We are using openssl to encrypt a file with the command openssl -e and to decrypt the file with the command openssl -d. There are a lot of ciphers to choose from (man openssl for more options), but I like Triple-DES, because it is widely used and well tested. When encrypting a file, openssl will prompt for a password. This same password will be used when decrypting the file.

This password is the first change to your development flow. You will need to remember it, and share it among your developers. Obviously, make it strong, but also memorable, because writing it down defeats the purpose. We will be checking in the encrypted settings files, instead of the normal ones. Since the encrypted settings files are checked in, when the repository is first checked out, or changes are made to the settings file in the remote repository, developers will need to rerun the decryption command to get the latest settings. If this becomes a problem, setup a githook or some other post-processing command that automatically decrypts settings when there are changes.

The next change to your development flow, is when new changes made to the settings file needs to be checked in. In this case, the developer makes their changes, and reruns the encryption command. This will generate a new settings.py.bin, replacing the old one, and is the file that is actually checked into the repository. This is the first big gotcha, since you are ignoring settings files in git, it won’t prompt that changes have been made to settings files. The developer will have to remember to encrypt the settings files. I have not found a good way to automate this, as checking the recentness of the timestamp on the settings files returns false positives if you make a change and then check in several times, or does not work when I change them days ago but are committing today.

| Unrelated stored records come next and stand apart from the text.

Lemma first_entry_bound z m M :
  (forall k1 k2, k1 <> k2 -> in_window m k1 -> in_window m k2 ->
     ~ dies_within M m k1 -> ~ dies_within M m k2 -> False) ->
  Cmod (z (L m)) <= 2 * zsum m (S M) (fun j => Cmod (Cwin z j)).
Proof.
  intros Hone. rewrite zsum_cons. pose proof (L_lt_U m) as Hm.
  pose proof (Cmod_nonneg (Cwin z m)).
  destruct (classic (dies_within M m (L m))) as [Hd|Hd].
  (* The chain of L m dies: telescope it alone. *)
  - pose proof (dying_entries_bound z M m (L m :: nil)) as Hb. simpl in Hb.
    assert (Cmod (z (L m)) + 0 <= Cmod (Cwin z m) + 2 * zsum (m + 1) M (fun j => Cmod (Cwin z j)));
      [|lra].
    apply Hb; [repeat constructor; simpl; tauto|].
    intros k [<-|[]]. unfold in_window. split; [lia | exact Hd].
  (* Otherwise all other entries die, and z (L m) = W m - (their sum). *)
  - set (n := Z.to_nat (U m - L m - 1)).
    pose proof (dying_entries_bound z M m (zrange (L m + 1) n) (zrange_NoDup _ _)) as Hb.
    rewrite lsum_zrange in Hb.
    assert (Hrest : zsum (L m + 1) n (fun k => Cmod (z k))
                    <= Cmod (Cwin z m) + 2 * zsum (m + 1) M (fun j => Cmod (Cwin z j))).
    { apply Hb. intros k Hk. apply in_zrange in Hk. unfold n in Hk.
      assert (Hkw : in_window m k) by (unfold in_window; lia). split; [exact Hkw|].
      apply NNPP. intros Hk'. apply (Hone (L m) k); auto; [lia|unfold in_window; lia]. }
    assert (Hsplit : forall x : Z -> R, isum x (L m) (U m) = x (L m) + zsum (L m + 1) n x)
      by (intros x; rewrite isum_cons by lia; unfold isum, n; do 2 f_equal; lia).
    pose proof (Cmod_zsum z (L m + 1) n).
    assert (Cmod (z (L m)) <= Cmod (Cwin z m)
       + Cmod (zsum (L m + 1) n (fun k => fst (z k)), zsum (L m + 1) n (fun k => snd (z k)))
       + Cmod (0, 0)) by (apply Cmod_split3; unfold Cwin; simpl; rewrite Hsplit; ring).
    rewrite Cmod_zero in *. lra.
Qed.

End SlidingWindows.

Lemma sum_mu_ge_prefix a B F N : 0 < a -> a * INR N <= B -> (forall m, 0 <= F m) ->
  zsum 0 (S N) F <= sum_mu a B F.
Proof.
  intros Ha HN HF. unfold sum_mu.
  assert (HBa : INR N <= B / a) by (apply (scale_le _ _ a); [lra|]; field_simplify; lra).
  destruct (archimed (B / a)) as [Hup _]. rewrite INR_IZR_INZ in HBa, HN.
  assert (Z.of_nat N < up (B / a))%Z by (apply lt_IZR; lra).
  replace (S (Z.to_nat (up (B / a)))) with (S N + (Z.to_nat (up (B / a)) - N))%nat by lia.
  rewrite zsum_app.
  assert (0 <= zsum (0 + Z.of_nat (S N)) (Z.to_nat (up (B / a)) - N)
                 (fun m => if Rle_dec (a * IZR m) B then F m else 0)).
  { apply zsum_nonneg. intros k. destruct (Rle_dec _ _); [apply HF|lra]. }
  rewrite (zsum_ext 0 (S N) (fun m => if Rle_dec (a * IZR m) B then F m else 0) F); [lra|].
  intros k Hk. destruct (Rle_dec _ _) as [|Hn]; [reflexivity|]. exfalso. apply Hn.
  assert (0 <= IZR k <= IZR (Z.of_nat N)) by (split; apply IZR_le; lia). nra.
Qed.

Theorem lemma3p5 (a b c : R) (Q : nat) :
  0 < a -> a < b -> b < c -> IsQ a b c Q ->
  forall (t : R) (z : Z -> R * R), 0 <= t < b ->
    sum_mu a (a * INR Q + 2 * a + b + c)
      (fun m => Cmod (Mapply_C a b c t z m))
    >= b / (2 * c) * Cmod (z 0%Z).
Proof.
  intros Ha Hab Hbc [HQ _] t z Ht.
  set (L := row_lo a b t). set (U := row_hi a b c t).
  assert (HL : forall m, (L m <= L (m + 1) <= L m + 1)%Z) by (intros; now apply row_lo_step).
  assert (HU : forall m, (U m <= U (m + 1) <= U m + 1)%Z) by (intros; now apply row_hi_step).
  assert (HLU : forall m, (L m < U m)%Z) by (intros; apply row_lo_lt_hi; lra).
  assert (HW : forall m, Mapply_C a b c t z m = Cwin L U z m)
    by (intros m; unfold Mapply_C, Cwin; rewrite !Mapply_window by lra; reflexivity).
  (* Two entries of row 0 surviving Q rows would give a run of length Q+1. *)
  assert (Hz0 : Cmod (z 0%Z) <= 2 * zsum 0 (S Q) (fun j => Cmod (Mapply_C a b c t z j))).
  { replace (z 0%Z) with (z (L 0%Z)) by (unfold L; now rewrite row_lo_zero).
    rewrite (zsum_ext _ _ _ (fun j => Cmod (Cwin L U z j))) by (intros; now rewrite HW).
    apply first_entry_bound; auto.
    intros k1 k2 Hne Hw1 Hw2 Hd1 Hd2.
    destruct (two_surviving_chains L U HL HU HLU 0 Q k1 k2 Hne Hw1 Hw2 Hd1 Hd2) as [x Hx].
    assert (Hrun : run_len a b c (S Q)).
    { exists t, x, 0%Z. intros j Hj. unfold inK. rewrite Mapply_window by lra. now apply Hx. }
    apply HQ in Hrun. lia. }
  assert (Hsum : zsum 0 (S Q) (fun j => Cmod (Mapply_C a b c t z j))
                 <= sum_mu a (a * INR Q + 2 * a + b + c) (fun m => Cmod (Mapply_C a b c t z m)))
    by (apply sum_mu_ge_prefix; [lra|lra|intros; apply Cmod_nonneg]).
  assert (Hfrac : b / (2 * c) <= 1 / 2) by (apply (scale_le _ _ (2 * c)); [lra|]; field_simplify; lra).
  pose proof (Cmod_nonneg (z 0%Z)).
  assert (b / (2 * c) * Cmod (z 0%Z) <= 1 / 2 * Cmod (z 0%Z)) by (apply Rmult_le_compat_r; lra).
  lra.
Qed.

The fabric functions above, always use the python filename as the file argument, automatically adding .bin to the in or out file, depending on the operation. The .gitignore line above (settings*.py) indicates that all settings files are to be ignored, as long as they following a naming convention that starts with the word settings and ends with .py (such as settings_prod.py and settings_dev.py, or just settings.py).

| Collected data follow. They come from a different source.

Lemma derivationD2 a x y : D a (x + y) = D a x + D a y.
Proof. exact: (lin_formD (derivation_lin2 a)). Qed.

Lemma derivationZ2 a k x : D a (k *: x) = k * D a x.
Proof. exact: (lin_formZ (derivation_lin2 a)). Qed.

End Derivations.

Lemma cyclic_derN (R : numFieldType) (V : lmodType R) (mul : V -> V -> V)
  (nrm : V -> R) (D : V -> V -> R) :
  cyclic_der mul nrm D -> forall x y, D x y = - D y x.
Proof. by case=> _ cycD x y; apply/eqP; rewrite -addr_eq0 cycD. Qed.

Section LauProduct.
Variables (R : numFieldType) (A B : lmodType R)
  (mulA : A -> A -> A) (nA : A -> R) (mulB : B -> B -> B) (nB : B -> R)
  (phi : A -> R).
Hypotheses (nA_ge0 : forall x, 0 <= nA x) (nB_ge0 : forall y, 0 <= nB y).

Local Notation mul := (lau_mul phi mulA mulB).
Local Notation nrm := (lau_norm nA nB).

Lemma dual_elem_pair (f : A -> R) (g : B -> R) :
  dual_elem nA f -> dual_elem nB g -> dual_elem nrm (fun p => f p.1 + g p.2).
Proof.
move=> [f_lin [Mf fMf]] [g_lin [Mg gMg]]; split.
  by move=> k [x1 x2] [y1 y2] /=; rewrite f_lin g_lin; ring.
by exists (`|Mf| + `|Mg|) => -[x1 x2]; apply: ler_normD_bounds.
Qed.

Lemma dual_elem_inl (F : A * B -> R) :
  nB 0 = 0 -> dual_elem nrm F -> dual_elem nA (fun x => F (x, 0)).
Proof.
move=> nB0 [F_lin [M FM]]; split.
  by move=> k x y; rewrite -F_lin; congr F; apply/eqP;
    rewrite xpair_eqE /= scaler0 addr0 !eqxx.
by exists M => x; have := FM (x, 0); rewrite /lau_norm /= nB0 addr0.
Qed.

Lemma dual_elem_inr (F : A * B -> R) :
  nA 0 = 0 -> dual_elem nrm F -> dual_elem nB (fun y => F (0, y)).
Proof.
move=> nA0 [F_lin [M FM]]; split.
  by move=> k x y; rewrite -F_lin; congr F; apply/eqP;
    rewrite xpair_eqE /= scaler0 addr0 !eqxx.
by exists M => y; have := FM (0, y); rewrite /lau_norm /= nA0 add0r.
Qed.

Lemma lau_der_leibniz (D1 : A -> A -> R) (D4 : B -> B -> R) :
  derivation mulA nA D1 -> cyclic_der mulB nB D4 ->
  forall p q x, lau_der D1 D4 (mul p q) x
                = lau_der D1 D4 q (mul x p) + lau_der D1 D4 p (mul q x).
Proof.
move=> derD1 cycD4 [a b] [a' b'] [x1 x2]; have [derD4 _] := cycD4.
have [_ _ _ leibD1] := derD1; have [_ _ _ leibD4] := derD4.
rewrite /lau_der /lau_mul /= leibD1 !(derivationD1 derD4) !(derivationZ1 derD4).
rewrite leibD4 !(derivationD2 derD4) !(derivationZ2 derD4).
rewrite (cyclic_derN cycD4 b b').
ring.
Qed.

Lemma lau_der_derivation (D1 : A -> A -> R) (D4 : B -> B -> R) :
  derivation mulA nA D1 -> cyclic_der mulB nB D4 ->
  derivation mul nrm (lau_der D1 D4).
Proof.
move=> derD1 cycD4; have [derD4 _] := cycD4.
have [dual1 _ [M1 bnd1] _] := derD1; have [dual4 _ [M4 bnd4] _] := derD4.
split.
- by move=> [a b]; apply: dual_elem_pair.
- move=> k [a b] [a' b'] x.
  by rewrite /lau_der /= (derivation_lin1 derD1) (derivation_lin1 derD4); ring.
- by exists (`|M1| + `|M4|) => -[a b] [x1 x2]; apply: ler_normD_bounds2.
- exact: lau_der_leibniz.
Qed.

Lemma inner_lau_der_inl (D1 : A -> A -> R) (D4 : B -> B -> R) :
  mulB 0 0 = 0 -> nB 0 = 0 -> D4 0 0 = 0 ->
  inner_der mul nrm (lau_der D1 D4) -> inner_der mulA nA D1.
Proof.
move=> mulB00 nB0 D400 [F [dualF innerF]].
exists (fun x => F (x, 0)); split; first exact: dual_elem_inl.
move=> a x; have := innerF (a, 0) (x, 0).
by rewrite /lau_der /lau_mul /= D400 addr0 !scaler0 mulB00 !addr0.
Qed.

Lemma inner_lau_der_inr (D1 : A -> A -> R) (D4 : B -> B -> R) :
  mulA 0 0 = 0 -> phi 0 = 0 -> nA 0 = 0 -> D1 0 0 = 0 ->
  inner_der mul nrm (lau_der D1 D4) -> inner_der mulB nB D4.
Proof.
move=> mulA00 phi0 nA0 D100 [F [dualF innerF]].
exists (fun y => F (0, y)); split; first exact: dual_elem_inr.
move=> b y; have := innerF (0, b) (0, y).
by rewrite /lau_der /lau_mul /= D100 add0r mulA00 phi0 !scale0r !add0r.
Qed.

Lemma inner_lau_der_pair (D1 : A -> A -> R) (D4 : B -> B -> R) :
  inner_der mulA nA D1 -> inner_der mulB nB D4 ->
  inner_der mul nrm (lau_der D1 D4).
Proof.
move=> [f [dualf innerf]] [g [dualg innerg]].
exists (fun p => f p.1 + g p.2); split; first exact: dual_elem_pair.
move=> [a b] [x1 x2]; rewrite /lau_der /lau_mul /= innerf innerg.
by rewrite !(lin_formD dualg.1); ring.
Qed.

End LauProduct.

Section LauCohomology.
Variables (R : numFieldType) (A B : lmodType R)
  (mulA : A -> A -> A) (nA : A -> R) (mulB : B -> B -> B) (nB : B -> R)
  (phi : A -> R).
Hypotheses (banachA : banach_algebra mulA nA) (banachB : banach_algebra mulB nB)
  (charphi : character mulA phi).

Lemma inner_lau_derE (D1 : A -> A -> R) (D4 : B -> B -> R) :
  D1 0 0 = 0 -> D4 0 0 = 0 ->
  inner_der (lau_mul phi mulA mulB) (lau_norm nA nB) (lau_der D1 D4) <->
  inner_der mulA nA D1 /\ inner_der mulB nB D4.
Proof.
move=> D100 D400; split=> [innerD | [innerD1 innerD4]].
  split; first exact: inner_lau_der_inl (banach_mul0l banachB 0)
                        (banach_norm0 banachB) D400 innerD.
  exact: inner_lau_der_inr (banach_mul0l banachA 0) (character0 charphi)
           (banach_norm0 banachA) D100 innerD.
exact: (inner_lau_der_pair phi (banach_norm_ge0 banachA)
          (banach_norm_ge0 banachB) innerD1 innerD4).
Qed.

End LauCohomology.

Lemma lau_der_comb (R : numFieldType) (A B : lmodType R) (k : R)
  (D1 D1' : A -> A -> R) (D4 D4' : B -> B -> R) :
  lau_der (der_comb k D1 D1') (der_comb k D4 D4')
  = der_comb k (lau_der D1 D4) (lau_der D1' D4').
Proof.
by apply: functional_extensionality => p; apply: functional_extensionality => q;
  rewrite /lau_der /der_comb; ring.
Qed.

Lemma lau_der_sub (R : numFieldType) (A B : lmodType R)
  (D1 D1' : A -> A -> R) (D4 D4' : B -> B -> R) :
  der_sub (lau_der D1 D4) (lau_der D1' D4')
  = lau_der (der_sub D1 D1') (der_sub D4 D4').
Proof.
by apply: functional_extensionality => p; apply: functional_extensionality => q;
  rewrite /lau_der /der_sub; ring.
Qed.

If you are like me and have several settings files, the core file (settings.py) and server specific files (settings_prod.py) that get imported on the correct systems, then you may need to encrypt multiple files. This technique can be applied to as many settings files as is needed for your system. For this blog, I use the following fab commands, to simplify encrypting and decrypting:

def decrypt_settings():
    decrypt_file("settings.py")
    decrypt_file("settings_dev.py")
    decrypt_file("settings_prod.py")

def encrypt_settings():
    encrypt_file("settings.py")
    encrypt_file("settings_dev.py")
    encrypt_file("settings_prod.py")

I always name my encrypted files .bin, instead of using the cipher, as John Resig did in his example. If you intend to use a single cipher, then this adds another level of security (through obscurity), as a hacker needs to determine what cipher was used. However, the ciphers are secure and even if a hacker know the cipher, it will not help the hacker much, so do what works for you.

There’s more…

As you can see, there are pros (security) and cons (workflow changes) to encrypting your settings files. I feel that security far outweighs the changes to my workflow (if a hacker gets your settings file, they pretty much get complete access to your site), but you should decide for yourself. The biggest two problems I have faced are: forgetting to checkin changes to my settings files and dealing with merge conflicts on the encrypted files. The former is hopefully caught by your remote deployment process, before going to the servers (if not, then you’re not testing enough). The latter is a bigger problem.

Since encrypted files cannot be merged, if there is a merge conflict, you have to handle it with care. My usual strategy, is to throw away my changes to the encrypted file and except the remote changes. I then backup my decrypted settings file to settings.py.bak and decrypt the remote settings file (overriding my settings file). Afterwards, I copy my changes into the new settings file, re-encrypt it, and push my changes. If my settings change was a one-liner, I will just extracted that line, instead of completely backing up the whole file.